**About this task**.
Show each line of the data below in which "generated" occurs.

**Given records**.
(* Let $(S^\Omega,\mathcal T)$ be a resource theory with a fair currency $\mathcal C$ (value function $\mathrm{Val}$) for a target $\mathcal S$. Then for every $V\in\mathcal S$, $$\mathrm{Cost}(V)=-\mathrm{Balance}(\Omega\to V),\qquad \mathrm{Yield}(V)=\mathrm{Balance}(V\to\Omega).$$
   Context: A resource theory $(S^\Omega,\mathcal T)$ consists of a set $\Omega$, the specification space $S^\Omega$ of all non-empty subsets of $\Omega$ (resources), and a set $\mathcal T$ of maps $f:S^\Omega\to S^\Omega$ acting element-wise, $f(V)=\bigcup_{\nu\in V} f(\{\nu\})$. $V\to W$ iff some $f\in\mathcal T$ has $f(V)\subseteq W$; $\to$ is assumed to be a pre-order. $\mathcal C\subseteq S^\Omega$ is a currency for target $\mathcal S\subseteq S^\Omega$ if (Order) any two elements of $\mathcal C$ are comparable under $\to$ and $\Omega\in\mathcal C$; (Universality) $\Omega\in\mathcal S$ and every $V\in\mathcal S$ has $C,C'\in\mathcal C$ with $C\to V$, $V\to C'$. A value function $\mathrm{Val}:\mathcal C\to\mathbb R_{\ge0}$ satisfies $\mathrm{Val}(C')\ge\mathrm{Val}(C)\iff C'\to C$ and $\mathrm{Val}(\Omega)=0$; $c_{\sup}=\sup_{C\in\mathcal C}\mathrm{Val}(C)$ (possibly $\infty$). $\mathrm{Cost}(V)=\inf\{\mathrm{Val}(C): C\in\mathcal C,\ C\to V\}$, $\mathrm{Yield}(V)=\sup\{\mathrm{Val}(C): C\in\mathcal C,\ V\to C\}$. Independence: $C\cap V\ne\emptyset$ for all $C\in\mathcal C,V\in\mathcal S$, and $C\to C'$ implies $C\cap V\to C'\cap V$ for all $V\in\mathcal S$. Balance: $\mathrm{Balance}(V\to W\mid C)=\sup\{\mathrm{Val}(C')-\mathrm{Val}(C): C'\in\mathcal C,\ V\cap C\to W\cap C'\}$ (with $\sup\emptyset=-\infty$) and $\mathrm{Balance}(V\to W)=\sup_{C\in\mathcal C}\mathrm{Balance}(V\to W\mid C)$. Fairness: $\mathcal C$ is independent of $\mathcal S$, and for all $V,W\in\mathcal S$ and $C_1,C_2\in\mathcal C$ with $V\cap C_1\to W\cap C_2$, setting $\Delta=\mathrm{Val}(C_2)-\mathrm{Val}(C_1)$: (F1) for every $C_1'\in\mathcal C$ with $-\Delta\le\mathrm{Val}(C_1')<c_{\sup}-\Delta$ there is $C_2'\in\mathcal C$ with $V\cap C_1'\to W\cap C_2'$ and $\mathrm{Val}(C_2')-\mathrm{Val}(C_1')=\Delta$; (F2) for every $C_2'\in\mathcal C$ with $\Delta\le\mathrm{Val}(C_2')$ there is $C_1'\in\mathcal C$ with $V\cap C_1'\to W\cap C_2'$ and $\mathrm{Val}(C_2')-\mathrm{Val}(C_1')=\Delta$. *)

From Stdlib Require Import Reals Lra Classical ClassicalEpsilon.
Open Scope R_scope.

...

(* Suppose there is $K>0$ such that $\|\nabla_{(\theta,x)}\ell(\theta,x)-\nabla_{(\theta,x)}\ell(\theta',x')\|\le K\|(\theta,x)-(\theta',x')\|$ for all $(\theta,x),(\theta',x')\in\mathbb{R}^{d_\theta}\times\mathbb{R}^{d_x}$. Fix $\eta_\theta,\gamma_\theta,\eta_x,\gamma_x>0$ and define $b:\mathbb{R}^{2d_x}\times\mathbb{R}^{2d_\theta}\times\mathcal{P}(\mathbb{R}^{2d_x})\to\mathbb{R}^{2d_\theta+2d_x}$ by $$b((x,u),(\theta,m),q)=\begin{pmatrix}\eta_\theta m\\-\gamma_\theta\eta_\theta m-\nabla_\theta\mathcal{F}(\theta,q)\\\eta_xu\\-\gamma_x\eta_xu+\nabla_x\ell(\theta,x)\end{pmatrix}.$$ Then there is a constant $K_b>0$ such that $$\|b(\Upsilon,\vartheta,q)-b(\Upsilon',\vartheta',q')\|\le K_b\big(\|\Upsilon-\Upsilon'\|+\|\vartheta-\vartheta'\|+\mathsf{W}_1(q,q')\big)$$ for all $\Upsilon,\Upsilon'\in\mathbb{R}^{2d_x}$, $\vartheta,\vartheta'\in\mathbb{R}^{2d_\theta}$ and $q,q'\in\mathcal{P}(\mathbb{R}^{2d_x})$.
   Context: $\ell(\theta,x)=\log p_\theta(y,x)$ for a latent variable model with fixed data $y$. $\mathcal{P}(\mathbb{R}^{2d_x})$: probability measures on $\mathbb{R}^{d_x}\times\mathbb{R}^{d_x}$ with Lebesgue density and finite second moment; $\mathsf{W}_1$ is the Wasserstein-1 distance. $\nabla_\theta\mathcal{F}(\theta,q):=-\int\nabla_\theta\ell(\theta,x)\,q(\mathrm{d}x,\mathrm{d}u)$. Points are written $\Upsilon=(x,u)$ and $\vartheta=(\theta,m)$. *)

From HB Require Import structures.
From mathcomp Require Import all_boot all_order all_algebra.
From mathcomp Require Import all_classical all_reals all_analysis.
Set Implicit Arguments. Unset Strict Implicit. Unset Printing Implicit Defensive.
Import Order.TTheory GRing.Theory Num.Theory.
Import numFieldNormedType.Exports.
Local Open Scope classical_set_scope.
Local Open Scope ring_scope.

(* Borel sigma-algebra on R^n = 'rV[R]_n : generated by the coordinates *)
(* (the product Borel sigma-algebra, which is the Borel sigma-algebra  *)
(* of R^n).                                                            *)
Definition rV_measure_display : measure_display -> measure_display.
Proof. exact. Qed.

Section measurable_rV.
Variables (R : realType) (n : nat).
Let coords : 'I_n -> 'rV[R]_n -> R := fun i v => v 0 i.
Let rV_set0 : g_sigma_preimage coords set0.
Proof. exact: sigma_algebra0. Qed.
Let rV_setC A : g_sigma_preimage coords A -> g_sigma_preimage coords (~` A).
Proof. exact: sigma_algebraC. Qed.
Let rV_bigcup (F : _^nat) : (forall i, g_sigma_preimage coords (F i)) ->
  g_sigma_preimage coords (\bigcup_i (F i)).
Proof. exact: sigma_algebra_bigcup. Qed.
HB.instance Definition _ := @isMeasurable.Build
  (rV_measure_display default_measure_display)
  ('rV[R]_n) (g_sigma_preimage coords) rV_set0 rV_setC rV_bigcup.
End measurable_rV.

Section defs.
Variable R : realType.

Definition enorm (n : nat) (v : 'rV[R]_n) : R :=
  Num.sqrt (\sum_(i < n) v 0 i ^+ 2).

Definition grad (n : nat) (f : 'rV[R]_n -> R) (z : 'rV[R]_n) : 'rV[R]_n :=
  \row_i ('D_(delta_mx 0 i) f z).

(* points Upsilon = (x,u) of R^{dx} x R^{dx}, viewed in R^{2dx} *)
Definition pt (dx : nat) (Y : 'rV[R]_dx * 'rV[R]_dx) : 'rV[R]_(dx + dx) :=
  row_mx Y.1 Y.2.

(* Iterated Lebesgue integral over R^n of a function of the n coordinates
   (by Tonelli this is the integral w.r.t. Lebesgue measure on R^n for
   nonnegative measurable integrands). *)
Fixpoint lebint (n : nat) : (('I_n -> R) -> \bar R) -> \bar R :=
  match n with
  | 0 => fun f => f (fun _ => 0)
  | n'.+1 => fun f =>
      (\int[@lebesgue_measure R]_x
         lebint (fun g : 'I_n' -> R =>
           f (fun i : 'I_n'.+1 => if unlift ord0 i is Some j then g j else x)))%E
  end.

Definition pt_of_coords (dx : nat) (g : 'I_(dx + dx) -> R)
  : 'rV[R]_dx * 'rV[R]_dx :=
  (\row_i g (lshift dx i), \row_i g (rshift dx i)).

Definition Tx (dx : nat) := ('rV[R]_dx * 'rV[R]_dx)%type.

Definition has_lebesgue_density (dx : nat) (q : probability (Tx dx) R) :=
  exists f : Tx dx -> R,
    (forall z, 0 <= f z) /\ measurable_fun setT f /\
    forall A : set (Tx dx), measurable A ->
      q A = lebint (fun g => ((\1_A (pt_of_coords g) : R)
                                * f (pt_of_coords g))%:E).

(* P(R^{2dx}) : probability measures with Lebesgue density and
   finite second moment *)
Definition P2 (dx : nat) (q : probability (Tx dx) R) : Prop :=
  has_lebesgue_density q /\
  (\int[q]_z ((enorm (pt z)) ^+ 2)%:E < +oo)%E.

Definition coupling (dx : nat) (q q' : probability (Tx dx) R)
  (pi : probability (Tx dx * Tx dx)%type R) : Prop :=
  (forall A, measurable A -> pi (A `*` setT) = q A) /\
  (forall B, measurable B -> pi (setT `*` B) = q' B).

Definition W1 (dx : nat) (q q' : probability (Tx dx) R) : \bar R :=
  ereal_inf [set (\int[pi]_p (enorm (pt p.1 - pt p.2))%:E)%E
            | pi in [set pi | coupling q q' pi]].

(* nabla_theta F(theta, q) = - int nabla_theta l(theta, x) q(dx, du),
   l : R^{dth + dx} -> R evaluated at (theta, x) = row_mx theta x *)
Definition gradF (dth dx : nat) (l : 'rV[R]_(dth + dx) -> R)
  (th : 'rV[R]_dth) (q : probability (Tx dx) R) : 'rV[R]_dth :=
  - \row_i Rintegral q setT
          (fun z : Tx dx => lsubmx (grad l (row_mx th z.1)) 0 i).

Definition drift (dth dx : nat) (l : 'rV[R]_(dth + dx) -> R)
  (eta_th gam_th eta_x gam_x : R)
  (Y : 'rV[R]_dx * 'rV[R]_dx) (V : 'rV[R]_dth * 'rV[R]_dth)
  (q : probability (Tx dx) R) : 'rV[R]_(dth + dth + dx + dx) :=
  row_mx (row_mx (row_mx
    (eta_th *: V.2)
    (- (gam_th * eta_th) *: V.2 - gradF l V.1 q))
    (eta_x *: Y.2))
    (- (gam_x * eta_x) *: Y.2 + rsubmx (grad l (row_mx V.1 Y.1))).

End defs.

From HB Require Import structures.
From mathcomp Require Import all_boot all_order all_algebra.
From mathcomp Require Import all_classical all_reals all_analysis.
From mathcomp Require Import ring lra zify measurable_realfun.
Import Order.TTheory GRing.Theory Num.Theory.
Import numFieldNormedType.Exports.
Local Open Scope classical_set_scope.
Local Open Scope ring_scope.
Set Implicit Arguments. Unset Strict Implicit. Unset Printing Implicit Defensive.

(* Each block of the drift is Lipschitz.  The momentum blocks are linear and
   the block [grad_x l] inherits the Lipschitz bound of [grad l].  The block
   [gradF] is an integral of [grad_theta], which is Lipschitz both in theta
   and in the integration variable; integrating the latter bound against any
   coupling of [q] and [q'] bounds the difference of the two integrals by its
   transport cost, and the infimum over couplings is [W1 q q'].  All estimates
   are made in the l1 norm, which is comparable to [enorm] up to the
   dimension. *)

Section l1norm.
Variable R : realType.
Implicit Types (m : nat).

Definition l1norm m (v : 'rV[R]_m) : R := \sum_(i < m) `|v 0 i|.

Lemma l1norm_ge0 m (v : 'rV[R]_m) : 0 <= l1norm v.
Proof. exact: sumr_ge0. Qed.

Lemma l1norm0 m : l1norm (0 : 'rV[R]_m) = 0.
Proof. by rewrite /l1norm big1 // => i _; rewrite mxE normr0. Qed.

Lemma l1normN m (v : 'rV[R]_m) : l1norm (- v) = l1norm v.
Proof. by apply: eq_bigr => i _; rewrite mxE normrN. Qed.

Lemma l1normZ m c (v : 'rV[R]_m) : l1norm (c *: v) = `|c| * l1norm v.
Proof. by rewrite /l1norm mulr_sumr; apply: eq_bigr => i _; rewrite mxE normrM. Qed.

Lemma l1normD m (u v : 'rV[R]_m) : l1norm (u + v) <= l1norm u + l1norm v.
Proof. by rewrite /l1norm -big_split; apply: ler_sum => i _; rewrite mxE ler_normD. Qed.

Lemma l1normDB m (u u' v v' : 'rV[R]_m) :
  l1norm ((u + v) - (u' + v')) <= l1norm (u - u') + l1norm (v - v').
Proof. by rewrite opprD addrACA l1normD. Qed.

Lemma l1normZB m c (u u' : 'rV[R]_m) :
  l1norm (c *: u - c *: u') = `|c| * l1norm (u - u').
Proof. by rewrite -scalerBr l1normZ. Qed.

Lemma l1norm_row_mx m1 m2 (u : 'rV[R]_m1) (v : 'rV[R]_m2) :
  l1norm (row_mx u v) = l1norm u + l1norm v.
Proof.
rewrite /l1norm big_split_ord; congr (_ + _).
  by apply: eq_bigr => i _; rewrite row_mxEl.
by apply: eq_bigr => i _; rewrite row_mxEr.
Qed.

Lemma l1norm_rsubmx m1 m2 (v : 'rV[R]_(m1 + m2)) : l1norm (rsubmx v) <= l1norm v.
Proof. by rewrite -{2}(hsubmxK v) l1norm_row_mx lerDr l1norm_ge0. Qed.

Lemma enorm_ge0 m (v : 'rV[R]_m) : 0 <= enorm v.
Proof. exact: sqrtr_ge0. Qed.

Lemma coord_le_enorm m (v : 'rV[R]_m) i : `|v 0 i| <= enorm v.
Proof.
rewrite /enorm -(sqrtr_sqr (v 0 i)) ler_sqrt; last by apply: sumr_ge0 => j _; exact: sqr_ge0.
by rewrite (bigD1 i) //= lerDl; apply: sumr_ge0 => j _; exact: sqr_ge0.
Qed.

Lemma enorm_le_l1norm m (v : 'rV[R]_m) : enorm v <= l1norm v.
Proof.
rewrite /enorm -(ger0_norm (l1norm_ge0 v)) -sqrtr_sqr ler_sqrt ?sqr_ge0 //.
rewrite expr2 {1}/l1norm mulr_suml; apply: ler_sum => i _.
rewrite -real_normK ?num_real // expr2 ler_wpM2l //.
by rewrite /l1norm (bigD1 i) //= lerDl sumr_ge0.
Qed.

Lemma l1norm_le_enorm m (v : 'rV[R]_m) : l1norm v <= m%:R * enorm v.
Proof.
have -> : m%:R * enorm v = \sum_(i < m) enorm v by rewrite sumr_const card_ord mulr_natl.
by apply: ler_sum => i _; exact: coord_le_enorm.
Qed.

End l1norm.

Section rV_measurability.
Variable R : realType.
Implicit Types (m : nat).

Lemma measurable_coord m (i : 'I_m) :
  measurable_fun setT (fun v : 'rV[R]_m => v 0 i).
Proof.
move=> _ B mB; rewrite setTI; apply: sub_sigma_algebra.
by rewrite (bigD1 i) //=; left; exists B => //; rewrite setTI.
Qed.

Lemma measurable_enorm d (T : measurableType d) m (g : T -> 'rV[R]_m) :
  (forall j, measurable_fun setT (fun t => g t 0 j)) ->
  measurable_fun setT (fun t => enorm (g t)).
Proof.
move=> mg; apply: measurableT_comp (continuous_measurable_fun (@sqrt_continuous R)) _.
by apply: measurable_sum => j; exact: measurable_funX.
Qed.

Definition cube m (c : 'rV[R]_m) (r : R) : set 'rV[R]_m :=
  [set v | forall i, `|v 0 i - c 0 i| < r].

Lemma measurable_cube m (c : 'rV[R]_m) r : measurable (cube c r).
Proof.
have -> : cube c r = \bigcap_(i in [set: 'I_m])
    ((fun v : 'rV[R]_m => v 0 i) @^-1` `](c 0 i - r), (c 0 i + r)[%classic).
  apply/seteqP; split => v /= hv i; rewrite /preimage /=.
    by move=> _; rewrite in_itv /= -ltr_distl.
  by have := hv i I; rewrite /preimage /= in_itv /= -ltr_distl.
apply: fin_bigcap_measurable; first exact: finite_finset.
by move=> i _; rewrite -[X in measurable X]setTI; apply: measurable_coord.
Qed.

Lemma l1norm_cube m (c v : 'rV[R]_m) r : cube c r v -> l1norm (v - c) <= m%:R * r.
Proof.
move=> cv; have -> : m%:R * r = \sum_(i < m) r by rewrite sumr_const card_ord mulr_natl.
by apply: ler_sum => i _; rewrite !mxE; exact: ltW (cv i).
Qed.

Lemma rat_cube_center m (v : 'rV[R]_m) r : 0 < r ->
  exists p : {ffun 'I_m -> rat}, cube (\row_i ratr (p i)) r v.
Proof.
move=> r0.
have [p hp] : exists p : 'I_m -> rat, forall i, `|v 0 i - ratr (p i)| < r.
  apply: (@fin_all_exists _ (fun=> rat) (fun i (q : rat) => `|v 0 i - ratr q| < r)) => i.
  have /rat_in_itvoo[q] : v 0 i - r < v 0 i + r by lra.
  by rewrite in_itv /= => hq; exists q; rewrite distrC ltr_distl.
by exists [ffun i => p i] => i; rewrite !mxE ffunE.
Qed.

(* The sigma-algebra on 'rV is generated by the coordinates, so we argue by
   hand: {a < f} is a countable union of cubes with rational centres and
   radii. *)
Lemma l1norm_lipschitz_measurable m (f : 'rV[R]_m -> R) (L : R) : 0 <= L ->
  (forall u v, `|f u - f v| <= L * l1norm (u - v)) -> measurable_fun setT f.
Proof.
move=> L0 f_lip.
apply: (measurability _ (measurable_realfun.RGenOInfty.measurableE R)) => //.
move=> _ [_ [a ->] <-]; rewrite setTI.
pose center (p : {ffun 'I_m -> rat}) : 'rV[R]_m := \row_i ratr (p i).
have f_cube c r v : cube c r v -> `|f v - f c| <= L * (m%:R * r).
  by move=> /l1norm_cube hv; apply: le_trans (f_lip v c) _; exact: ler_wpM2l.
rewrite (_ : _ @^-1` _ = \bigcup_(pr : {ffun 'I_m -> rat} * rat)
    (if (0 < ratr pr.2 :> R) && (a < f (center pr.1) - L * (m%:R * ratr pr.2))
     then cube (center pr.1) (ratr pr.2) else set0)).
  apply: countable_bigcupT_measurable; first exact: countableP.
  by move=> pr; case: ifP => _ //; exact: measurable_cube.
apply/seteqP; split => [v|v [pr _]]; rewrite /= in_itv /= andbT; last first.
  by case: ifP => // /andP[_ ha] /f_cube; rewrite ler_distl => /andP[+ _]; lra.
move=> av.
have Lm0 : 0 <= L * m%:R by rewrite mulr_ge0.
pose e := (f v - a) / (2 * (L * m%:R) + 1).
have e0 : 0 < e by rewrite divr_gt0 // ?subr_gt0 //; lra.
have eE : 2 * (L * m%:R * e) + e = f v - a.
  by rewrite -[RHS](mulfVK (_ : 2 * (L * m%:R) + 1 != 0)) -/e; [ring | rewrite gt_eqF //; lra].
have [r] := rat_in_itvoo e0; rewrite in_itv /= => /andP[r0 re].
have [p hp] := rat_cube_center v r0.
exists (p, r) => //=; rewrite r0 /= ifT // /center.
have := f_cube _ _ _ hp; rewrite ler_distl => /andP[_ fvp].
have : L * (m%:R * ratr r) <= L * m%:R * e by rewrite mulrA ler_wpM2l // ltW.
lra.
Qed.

**Reply**.
(* Borel sigma-algebra on R^n = 'rV[R]_n : generated by the coordinates *)
(* The sigma-algebra on 'rV is generated by the coordinates, so we argue by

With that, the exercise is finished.